Looking at the detente in retrospect, historians have offered various evaluations. Some, like Gaddis, have commended the effort to reduce Cold War tensions and prevent nuclear escalation. He sees detente as a necessary response to the changing dynamics of the Cold War. On the other hand, critics such as Vladislav Zubok in 'A Failed Empire' argue that the Soviet Union saw detente as a means to legitimise its sphere of influence in Eastern Europe and continue its arms build-up. He contends that this eventually undermined the potential of detente. However, it is worth noting that regardless of the differing perspectives on the success or failure of detente, it remains a significant chapter in Cold War history as an attempt to alter the trajectory of US-Soviet relations.

Lastly, the detente had considerable implications on the global stage. It led to the Conference on Security and Co-operation in Europe (CSCE), resulting in the Helsinki Accords of 1975, a major multilateral agreement that enshrined the principles of respect for human rights and territorial integrity. As Tony Judt underscores in 'Postwar: A History of Europe Since 1945', this was significant as it held the Soviet Union accountable for human rights, a move that would have far-reaching implications in the final years of the Cold War. Moreover, detente influenced the dynamics in other regions. For instance, the US, seeking to counterbalance Soviet influence, opened relations with China in 1972, a major geopolitical shift.

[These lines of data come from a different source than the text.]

Lemma Vf_self s : s \in Ve -> s \in X s.
Proof.
move=> Hs; apply/VfP; split=> //; exists s.
by split=> [|z|z]; rewrite ?on_pathxx //; exact: lca_ancl (anc_refl s).
Qed.

Lemma Vf_uP w :
  reflect (w \in Ve /\ forall z, anc z w -> ~~ anc z u -> f z + 2 <= c z) (w \in X u).
Proof.
apply: (iffP (VfP u w)) => [[Hw [a [Hl _ slack2]]]|[Hw H]].
  have Eau : a = u by apply: lca_unique Hl (lca_ancl (Ve_anc_u Hw)).
  by split=> // z Hzw Hzu; apply: slack2; rewrite Eau /on_path Hzw (negbTE Hzu).
split=> //; exists u; split=> [|z|z]; rewrite ?on_pathxx //; first exact: lca_ancl (Ve_anc_u Hw).
rewrite /on_path; case Hzu: (anc z u) => /= Hz; last by apply: H; rewrite ?Hzu.
by rewrite (anc_trans Hzu (Ve_anc_u Hw)) in Hz.
Qed.

Section Witness.
Variables s w a : V.
Hypotheses (Hs : s \in Ve) (Hw : w \in Ve) (Hl : is_lca s w a).
Hypothesis slack1 : forall z, on_path s a z -> f z + 1 <= c z.

Lemma Vf_lca : a \in X s.
Proof.
have [_ HaVe] := lca_Ve Hs Hw Hl; case/lcaP: Hl => Has _ _.
by apply/VfP; split=> //; exists a; split=> [|//|z]; [exact: lca_ancr|rewrite on_pathxx].
Qed.

Lemma Vf_path_source z : anc z s -> ~~ anc z a -> z \in X s.
Proof.
move=> Hzs Hza; have [Hua _] := lca_Ve Hs Hw Hl; case/lcaP: Hl => Has _ _.
apply/VfP; split.
  case/orP: (anc_Ve Hs Hzs) => [/Ee_Ve //|Hzu].
  by rewrite (anc_trans Hzu Hua) in Hza.
exists z; split=> [|z'|z']; rewrite ?on_pathxx //; first exact: lca_ancr.
rewrite /on_path; case Hz'z: (anc z' z); first by rewrite (anc_trans Hz'z Hzs).
rewrite addbF => Hz's; apply: slack1; rewrite /on_path Hz's; apply/negP => Hz'a.
by case/orP: (anc_total Hzs Has) => H; [rewrite H in Hza|rewrite (anc_trans Hz'a H) in Hz'z].
Qed.

Hypothesis slack2 : forall z, on_path a w z -> f z + 2 <= c z.

Lemma Vf_path_target z : anc z w -> ~~ anc z a -> z \in X s.
Proof.
move=> Hzw Hza; have [Hua _] := lca_Ve Hs Hw Hl; case/lcaP: Hl => Has Haw Hlca.
have Haz : anc a z by case/orP: (anc_total Haw Hzw) => // H; rewrite H in Hza.
apply/VfP; split.
  case/orP: (anc_Ve Hw Hzw) => [/Ee_Ve //|Hzu].
  by rewrite (anc_trans Hzu Hua) in Hza.
exists a; split=> // [|z'].
  by apply/lcaP; split=> // b Hbs Hbz; apply: Hlca => //; exact: anc_trans Hbz Hzw.
rewrite /on_path; case Hz'a: (anc z' a); first by rewrite (anc_trans Hz'a Haz).
by move=> /= Hz'z; apply: slack2; rewrite /on_path Hz'a (anc_trans Hz'z Hzw).
Qed.

End Witness.

Lemma Vf_par s z : s \in Ve -> z \in X s -> ~~ anc z s -> par z \in X s.
Proof.
move=> Hs Hz Hzs; case/VfP: (Hz) => HzVe [a [Hl slack1 slack2]].
have /lcaP [Has Haz _] := Hl.
case/anc_inv: Haz => [Eaz|Hapz]; first by rewrite -Eaz Has in Hzs.
have [->|Hne] := eqVneq (par z) a; first exact: Vf_lca HzVe Hl slack1.
apply: (Vf_path_target Hs HzVe Hl slack1 slack2 (anc_par z)).
by apply: contra Hne => Hpza; rewrite (anc_antisym Hpza Hapz).
Qed.

Lemma Vf_child s z : s \in Ve -> z \in Ee -> par z \in X s -> f z + 2 <= c z -> z \in X s.
Proof.
move=> Hs HzE /VfP [HpVe [a [Hl slack1 slack2]]] Hres.
have /lcaP [Has Hapz Hlca] := Hl.
have Hza : ~~ anc z a.
  apply: contra (Ee_neq_r HzE) => Hza.
  by rewrite (anc_par_root (anc_trans Hza Hapz)).
case Hzs: (anc z s); first exact: (Vf_path_source Hs HpVe Hl slack1) _ Hzs Hza.
apply/VfP; split; first exact: Ee_Ve.
exists a; split=> // [|z'].
  apply/lcaP; split=> //; first exact: anc_trans Hapz (anc_par z).
  move=> b Hbs; rewrite ancE => /orP [/eqP Ebz|]; last exact: Hlca.
  by rewrite Ebz Hzs in Hbs.
rewrite /on_path (ancE z' z); have [->|Hne] /= := eqVneq z' z; first by rewrite (negbTE Hza).
by move=> H; apply: slack2.
Qed.

Lemma Vf_top_saturated t z : t \in Ve -> z \in Ee -> z \in X t -> par z \notin X t ->
  c z <= f z.
Proof.
move=> Ht HzE Hz Hpz.
have Hzt : anc z t by apply: contraNT Hpz; exact: Vf_par.
rewrite leqNgt -addn1; apply: contra Hpz => Hres.
case/VfP: (Hz) => _ [a [Hl slack1 _]].
have Eaz : a = z by apply: lca_unique Hl (lca_ancr Hzt).
subst a; apply/VfP; split; first exact: par_Ee.
have Hpt := anc_trans (anc_par z) Hzt.
exists (par z); split=> [|z'|z']; rewrite ?on_pathxx //; first exact: lca_ancr.
rewrite /on_path; case Hz'p: (anc z' (par z)); first by rewrite (anc_trans Hz'p Hpt).
rewrite addbF => Hz't; have [->//|Hne] := eqVneq z' z.
by apply: slack1; rewrite /on_path Hz't ancE (negbTE Hne) Hz'p.
Qed.

Lemma Vf_meet_u s w : s \in Ve -> w \in X u -> w \in X s -> u \in X s.
Proof.
move=> Hs /Vf_uP [Hw Hu] /VfP [_ [a [Hl slack1 _]]].
have /lcaP [Has Haw _] := Hl.
apply/VfP; split; first exact: u_Ve.
exists u; split=> [|z|z]; rewrite ?on_pathxx //; first exact: lca_ancr (Ve_anc_u Hs).
rewrite /on_path; case Hzu: (anc z u); first by rewrite (anc_trans Hzu (Ve_anc_u Hs)).
rewrite addbF => Hzs; case Hza: (anc z a); last by apply: slack1; rewrite /on_path Hzs Hza.
by apply: leq_trans (Hu z (anc_trans Hza Haw) (negbT Hzu)); rewrite leq_add2l.
Qed.

Lemma Vf_u_anc w y : w \in X u -> y \in Ve -> anc y w -> y \in X u.
Proof.
by move=> /Vf_uP [_ H] Hy Hyw; apply/Vf_uP; split=> // z Hz; apply: H (anc_trans Hz Hyw).
Qed.

Lemma Vf_u_par w : w \in X u -> w \in Ee -> par w \in X u.
Proof. by move=> Hw HwE; apply: Vf_u_anc Hw (par_Ee HwE) (anc_par w). Qed.

Lemma Vf_u_connect_u w : w \in X u -> connect (induced par v (X u)) u w.
Proof.
move=> Hw; have /Vf_uP [HwVe _] := Hw; have /ancP [n] := Ve_anc_u HwVe.
elim: n w Hw HwVe => [|n IHn] w Hw HwVe Hn; first by rewrite -Hn connect0.
have [->|Hne] := eqVneq w u; first exact: connect0.
have HwE := Ve_Ee HwVe Hne; have Hpw := Vf_u_par Hw HwE.
apply: connect_trans (IHn (par w) Hpw (par_Ee HwE) _) (connect1 _); first by rewrite -iterSr.
by rewrite /induced Hpw Hw /adjE HwE eqxx.
Qed.

Lemma Vf_u_connected : connected_in par v (X u).
Proof.
move=> x y Hx Hy; apply: connect_trans (Vf_u_connect_u Hy).
by rewrite (sym_connect_sym (@induced_sym (X u))); exact: Vf_u_connect_u.
Qed.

In conclusion, the period of detente between 1971 and 1979 was influenced by an interplay of strategic, economic, and ideological factors. It was a product of the need to prevent nuclear annihilation, the realities of economic pressures, the shifts in ideological doctrines within the superpowers, and the personal diplomacy of leaders. Evaluations of detente are mixed, with some viewing it as a necessary de-escalation, and others seeing it as a strategic miscalculation. However, the consensus remains that it was a defining period in the Cold War era, marking a shift in international relations and having far-reaching global implications. The detente era, though transient, offered a brief respite from tensions and opened a new chapter in the complex narrative of US-Soviet relations.